Frequently asked questions
Q: Who directed Listen Up Philip?
Alex Ross Perry wrote and directed the film. It premiered at the 2014 Sundance Film Festival and won the Special Jury Prize at Locarno, establishing Perry as a distinctive voice in indie cinema.
Q: Is Listen Up Philip based on a true story?
No, it's an original screenplay by Alex Ross Perry.
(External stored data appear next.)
(* Let $\lambda<\eta$, $\theta_k,z_k\in\mathbb{R}^d$ with $z_k\ne0$ and $\|z_k-\nabla f(\theta_k)\|\le(1-\eta)\|z_k\|$. Let $\alpha_k\in\mathbb{R}$, $\theta_{k+1}=\theta_k-\alpha_kz_k$, $\epsilon_k,\epsilon_{k+1}\ge0$, and $\tilde{x}(\theta_k),\tilde{x}(\theta_{k+1})$ with $\|\tilde{x}(\theta_j)-\hat{x}(\theta_j)\|\le\epsilon_j$ ($j=k,k+1$). Let $w_k=\|\nabla g(\tilde{x}(\theta_k))\|+\|\nabla g(\tilde{x}(\theta_{k+1}))\|$, $\bar{\epsilon}_k=\max\{\epsilon_k,\epsilon_{k+1}\}$ and $$s_k=\frac{1}{2L_{\nabla g}}\Big(\sqrt{w_k^2+\tfrac{L_{\nabla g}}{L_{\nabla f}}(\eta-\lambda)^2\|z_k\|^2}-w_k\Big).$$ If $\bar{\epsilon}_k\in[0,s_k)$, then $$\hat{s}_k=\sqrt{(\eta-\lambda)^2-\frac{4L_{\nabla f}(w_k\bar{\epsilon}_k+L_{\nabla g}\bar{\epsilon}_k^2)}{\|z_k\|^2}}$$ is a positive real number, the numbers $\underline{\alpha}_k=\frac{1}{L_{\nabla f}}(\eta-\lambda-\hat{s}_k)$, $\overline{\alpha}_k=\frac{1}{L_{\nabla f}}(\eta-\lambda+\hat{s}_k)$ satisfy $0\le\underline{\alpha}_k<\overline{\alpha}_k$, and if $\alpha_k\in[\underline{\alpha}_k,\overline{\alpha}_k]$ then $\psi(\alpha_k)\le0$. Moreover, viewing $\hat{s}_k,\underline{\alpha}_k,\overline{\alpha}_k$ as functions of $\bar{\epsilon}_k\in[0,s_k)$ with $w_k$ and $z_k$ fixed, $\hat{s}_k$ is monotonically decreasing in $\bar{\epsilon}_k$, $\lim_{\bar{\epsilon}_k\to0}\underline{\alpha}_k=0$ and $\lim_{\bar{\epsilon}_k\to0}\overline{\alpha}_k=\frac{2(\eta-\lambda)}{L_{\nabla f}}>0$.
   Context: Standing: $0<\eta<1$. $g:\mathbb{R}^n\to\mathbb{R}$ continuously differentiable with $L_{\nabla g}$-Lipschitz gradient, $L_{\nabla g}>0$; $\hat{x}(\theta)=\arg\min_xh(x,\theta)$ for a lower-level function $h$ strongly convex in $x$; $f(\theta)=g(\hat{x}(\theta))$ continuously differentiable with $L_{\nabla f}$-Lipschitz gradient, $L_{\nabla f}>0$. $\psi(\alpha_k)=\overline{U}(\tilde{x}(\theta_{k+1}),\epsilon_{k+1})-\underline{U}(\tilde{x}(\theta_k),\epsilon_k)+\lambda\alpha_k\|z_k\|^2$ with $\overline{U}(x,\epsilon)=g(x)+\|\nabla g(x)\|\epsilon+\frac{L_{\nabla g}}{2}\epsilon^2$, $\underline{U}(x,\epsilon)=g(x)-\|\nabla g(x)\|\epsilon-\frac{L_{\nabla g}}{2}\epsilon^2$. *)

From HB Require Import structures.
From mathcomp Require Import all_boot all_order all_algebra.
From mathcomp Require Import all_classical all_reals all_analysis.
Set Implicit Arguments. Unset Strict Implicit. Unset Printing Implicit Defensive.
Import Order.TTheory GRing.Theory Num.Theory.
Import numFieldNormedType.Exports.
Local Open Scope ring_scope.

Definition dotv {R : realType} {n : nat} (u v : 'rV[R]_n) : R :=
  \sum_(i < n) u 0 i * v 0 i.
Definition enorm {R : realType} {n : nat} (u : 'rV[R]_n) : R :=
  Num.sqrt (dotv u u).

Definition grad {R : realType} {n : nat} (g : 'rV[R]_n -> R) (x : 'rV[R]_n)
  : 'rV[R]_n := \row_(i < n) ('d g x (delta_mx 0 i : 'rV[R]_n)).

Definition C1_Lipschitz_grad {R : realType} {n : nat} (g : 'rV[R]_n -> R)
  (L : R) : Prop :=
  (forall x, differentiable g x) /\ continuous (grad g) /\
  (forall x y, enorm (grad g x - grad g y) <= L * enorm (x - y)).

Definition strongly_convex {R : realType} {n : nat} (mu : R)
  (phi : 'rV[R]_n -> R) : Prop :=
  forall (x y : 'rV[R]_n) (t : R), 0 <= t <= 1 ->
    phi (t *: x + (1 - t) *: y)
      <= t * phi x + (1 - t) * phi y - mu / 2 * t * (1 - t) * enorm (x - y) ^+ 2.

Definition Ubar {R : realType} {n : nat} (g : 'rV[R]_n -> R) (Lg : R)
  (x : 'rV[R]_n) (e : R) : R :=
  g x + enorm (grad g x) * e + Lg / 2 * e ^+ 2.
Definition Ulow {R : realType} {n : nat} (g : 'rV[R]_n -> R) (Lg : R)
  (x : 'rV[R]_n) (e : R) : R :=
  g x - enorm (grad g x) * e - Lg / 2 * e ^+ 2.

Definition psi {R : realType} {n d : nat} (g : 'rV[R]_n -> R) (Lg lam : R)
  (xt : 'rV[R]_d -> 'rV[R]_n) (thk thk1 : 'rV[R]_d) (ek ek1 : R)
  (z : 'rV[R]_d) (alpha : R) : R :=
  Ubar g Lg (xt thk1) ek1 - Ulow g Lg (xt thk) ek + lam * alpha * enorm z ^+ 2.

From HB Require Import structures.
From mathcomp Require Import all_boot all_order all_algebra.
From mathcomp Require Import all_classical all_reals all_analysis.
From mathcomp Require Import ring lra.
Set Implicit Arguments.
Unset Strict Implicit.
Unset Printing Implicit Defensive.
Import Order.TTheory GRing.Theory Num.Theory.
Import numFieldNormedType.Exports.
Local Open Scope classical_set_scope.
Local Open Scope ring_scope.

(* Descent lemma: a function with L-Lipschitz gradient differs from its
   linearisation at x by at most L/2 |v|^2.  For g at the inexact solutions this
   traps g(xhat) between Ulow and Ubar, so psi(alpha) exceeds the true change
   f(theta_{k+1}) - f(theta_k) + lam alpha |z|^2 by at most
   2 (w ebar + Lg ebar^2).  For f along -alpha z, the angle condition gives
   <grad f, z> >= eta |z|^2, so the true change is at most
   |z|^2 (Lf alpha^2 / 2 - eta alpha).  Hence psi(alpha) is bounded by a
   quadratic in alpha with roots alpha_lo, alpha_hi, whose (scaled) discriminant
   shat^2 is positive exactly when ebar < s_k and is a continuous decreasing
   function of ebar. *)

Section Euclidean.
Variables (R : realType) (n : nat).
Implicit Types (u v w : 'rV[R]_n).

Lemma dotvC u v : dotv u v = dotv v u.
Proof. by apply: eq_bigr => i _; rewrite mulrC. Qed.

Lemma dotvDl u v w : dotv (u + v) w = dotv u w + dotv v w.
Proof. by rewrite /dotv -big_split; apply: eq_bigr => i _; rewrite mxE mulrDl. Qed.

Lemma dotvZl a u v : dotv (a *: u) v = a * dotv u v.
Proof. by rewrite /dotv mulr_sumr; apply: eq_bigr => i _; rewrite mxE mulrA. Qed.

Lemma dotvZr a u v : dotv v (a *: u) = a * dotv v u.
Proof. by rewrite !(dotvC v) dotvZl. Qed.

Lemma dotvBl u v w : dotv (u - v) w = dotv u w - dotv v w.
Proof. by rewrite dotvDl -scaleN1r dotvZl mulN1r. Qed.

Lemma dotvBr u v w : dotv w (u - v) = dotv w u - dotv w v.
Proof. by rewrite !(dotvC w) dotvBl. Qed.

Lemma dotvv_ge0 u : 0 <= dotv u u.
Proof. by apply: sumr_ge0 => i _; rewrite -expr2 sqr_ge0. Qed.

Lemma enorm_ge0 u : 0 <= enorm u.
Proof. exact: sqrtr_ge0. Qed.

Lemma enorm_sqr u : enorm u ^+ 2 = dotv u u.
Proof. exact: sqr_sqrtr (dotvv_ge0 u). Qed.

Lemma enormZ a u : enorm (a *: u) = `|a| * enorm u.
Proof.
by rewrite /enorm dotvZl dotvZr mulrA -expr2 sqrtrM ?sqr_ge0 // sqrtr_sqr.
Qed.

Lemma enormN u : enorm (- u) = enorm u.
Proof. by rewrite -scaleN1r enormZ normrN1 mul1r. Qed.

Lemma enormB u v : enorm (u - v) = enorm (v - u).
Proof. by rewrite -enormN opprB. Qed.

Lemma enorm0_eq0 u : enorm u = 0 -> u = 0.
Proof.
move=> /eqP; rewrite sqrtr_eq0 => uu_le0.
have uu0 : dotv u u = 0 by apply/eqP; rewrite eq_le uu_le0 dotvv_ge0.
have /psumr_eq0P coord0 := uu0; apply/matrixP => i j; rewrite (ord1 i) mxE.
have /eqP := coord0 (fun j _ => sqr_ge0 (u 0 j)) j isT.
by rewrite mulf_eq0 orbb => /eqP.
Qed.

Lemma enorm_gt0 u : u != 0 -> 0 < enorm u.
Proof. by move=> u0; rewrite lt_def enorm_ge0 andbT; apply: contra_neq u0; exact: enorm0_eq0. Qed.

Lemma dotv_le_enorm u v : dotv u v <= enorm u * enorm v.
Proof.
have [->|u0] := eqVneq u 0.
  by rewrite /dotv big1 ?mulr_ge0 ?enorm_ge0 // => i _; rewrite mxE mul0r.
have [->|v0] := eqVneq v 0.
  by rewrite /dotv big1 ?mulr_ge0 ?enorm_ge0 // => i _; rewrite mxE mulr0.
have nu := enorm_gt0 u0; have nv := enorm_gt0 v0.
(* 0 <= | |v| u - |u| v |^2 = 2 |u| |v| (|u| |v| - <u, v>) *)
have := dotvv_ge0 (enorm v *: u - enorm u *: v).
rewrite !dotvBl !dotvBr !dotvZl !dotvZr -!enorm_sqr (dotvC v u).
set a := enorm u; set b := enorm v; set c := dotv u v => expand_ge0.
have : 0 <= 2 * (a * b) * (a * b - c).
  suff -> : 2 * (a * b) * (a * b - c) =
    b * (b * a ^+ 2) - b * (a * c) - (a * (b * c) - a * (a * b ^+ 2)) by [].
  ring.
by rewrite pmulr_rge0 ?subr_ge0 // mulr_gt0 // mulr_gt0.
Qed.

Lemma normr_dotv_le u v : `|dotv u v| <= enorm u * enorm v.
Proof.
rewrite ler_norml dotv_le_enorm andbT lerNl -(mulN1r (dotv u v)) -dotvZl.
by rewrite -(enormN u) scaleN1r dotv_le_enorm.
Qed.

End Euclidean.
However, the film draws on recognizable archetypes from the literary world—the struggling novelist, the aging mentor, the patient girlfriend—and explores them with dark comedy and psychological insight.
Q: What's the runtime of Listen Up Philip?
The film runs 109 minutes, which gives Perry plenty of time to develop his portrait of creative narcissism without rushing the character work.
Q: Where can I watch Listen Up Philip?
Listen Up Philip is available on multiple platforms including MUBI, Plex, Pluto TV, Prime Video, Apple TV, Google Play, and several others. Movie OTT's streaming widget will show you exactly where it's available in your region right now.
Q: What's the IMDb rating for Listen Up Philip?
The film has a 6.1/10 rating on IMDb, reflecting its divisive nature—some viewers find it brilliant and darkly comic, while others find Philip too insufferable to spend two hours with, which is kind of the point.
Final Thoughts on Listen Up Philip
Listen Up Philip isn't a film for everyone. If you need your protagonists to be likeable or your comedies to be warm, you'll probably bounce off it. But if you're interested in character studies that don't flinch, in performances that capture the specific texture of creative self-delusion, and in filmmaking that trusts its audience to sit with discomfort—this is essential viewing. Perry's film is a reminder that some of the best indie cinema comes not from trying to be liked, but from being unflinchingly honest about how people actually behave when they think nobody's watching. It's sharp, it's funny, and it's deeply uncomfortable in exactly the way great comedy should be.